Your assignment |
Reduce the material below to its lines containing "From".
★ ★ ★
(* Let $1\le p<\infty$ and let $X$ be a maximal sequence space. The following are equivalent: (1) $X$ is $p$-convex. (2) There exist a norm $\|\cdot\|_p$ on the sequence space $X_p:=\{\tau\in\ell_\infty:\ |\tau|^{1/p}\in X\}$ and a constant $c>0$ such that for all $\sigma\in X$ \[\frac1c\|\sigma\|_X\le \big\|\,|\sigma|^p\big\|_p^{1/p}\le\|\sigma\|_X .\] (3) There exists a maximal sequence space $Y$ such that $X={\rm ID}\mathcal L(Y,\ell_p)$ as sets, with equivalent norms. Moreover, in this case one can choose $Y={\rm ID}\mathcal L(X,\ell_p)$, and then for every $\sigma\in X$ \[\frac{1}{M^p(X)}\|\sigma\|_X\le \|D_\sigma:Y\to\ell_p\|\le\|\sigma\|_X .\]
   Context: All sequences are scalar sequences indexed by $\mathbb N$; $(e_k)$ denotes the unit vectors, and for a sequence $\sigma$ and $n\in\mathbb N$, $P_n\sigma:=\sum_{k=1}^n\sigma_ke_k$. A maximal sequence space is a Banach space $(X,\|\cdot\|_X)$ of scalar sequences such that: (i) $\ell_1\subset X\subset\ell_\infty$ and $\|e_k\|_X=1$ for all $k$; (ii) if $\sigma\in X$ and $\alpha\in\ell_\infty$ then the pointwise product $\alpha\sigma\in X$ with $\|\alpha\sigma\|_X\le\|\alpha\|_\infty\|\sigma\|_X$; (iii) $\sigma\in X$ if and only if $\sup_n\|P_n\sigma\|_X<\infty$, and in this case $\|\sigma\|_X=\sup_n\|P_n\sigma\|_X$. For $1\le p<\infty$, a maximal sequence space $X$ is $p$-convex if there is $c>0$ such that for all $n$ and $x_1,\dots,x_n\in X$, $\|(\sum_{k=1}^n|x_k|^p)^{1/p}\|_X\le c(\sum_{k=1}^n\|x_k\|_X^p)^{1/p}$ (pointwise operations); the least such $c$ is denoted $M^p(X)$. For maximal sequence spaces $X,Y$, ${\rm ID}\mathcal L(X,Y)$ denotes the space of sequences $\sigma$ such that the diagonal operator $D_\sigma(\tau)=(\sigma_k\tau_k)_k$ maps $X$ boundedly into $Y$, normed by the operator norm $\|D_\sigma:X\to Y\|$. $|\sigma|^r$ denotes the sequence $(|\sigma_k|^r)_k$. *)

From mathcomp Require Import all_boot all_order all_algebra.
From mathcomp Require Import all_classical all_reals all_analysis.
Set Implicit Arguments. Unset Strict Implicit. Unset Printing Implicit Defensive.
Import Order.TTheory GRing.Theory Num.Theory.
Local Open Scope classical_set_scope.
Local Open Scope ring_scope.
★ ★ ★
Response to this task |
From mathcomp Require Import all_boot all_order all_algebra.
From mathcomp Require Import all_classical all_reals all_analysis.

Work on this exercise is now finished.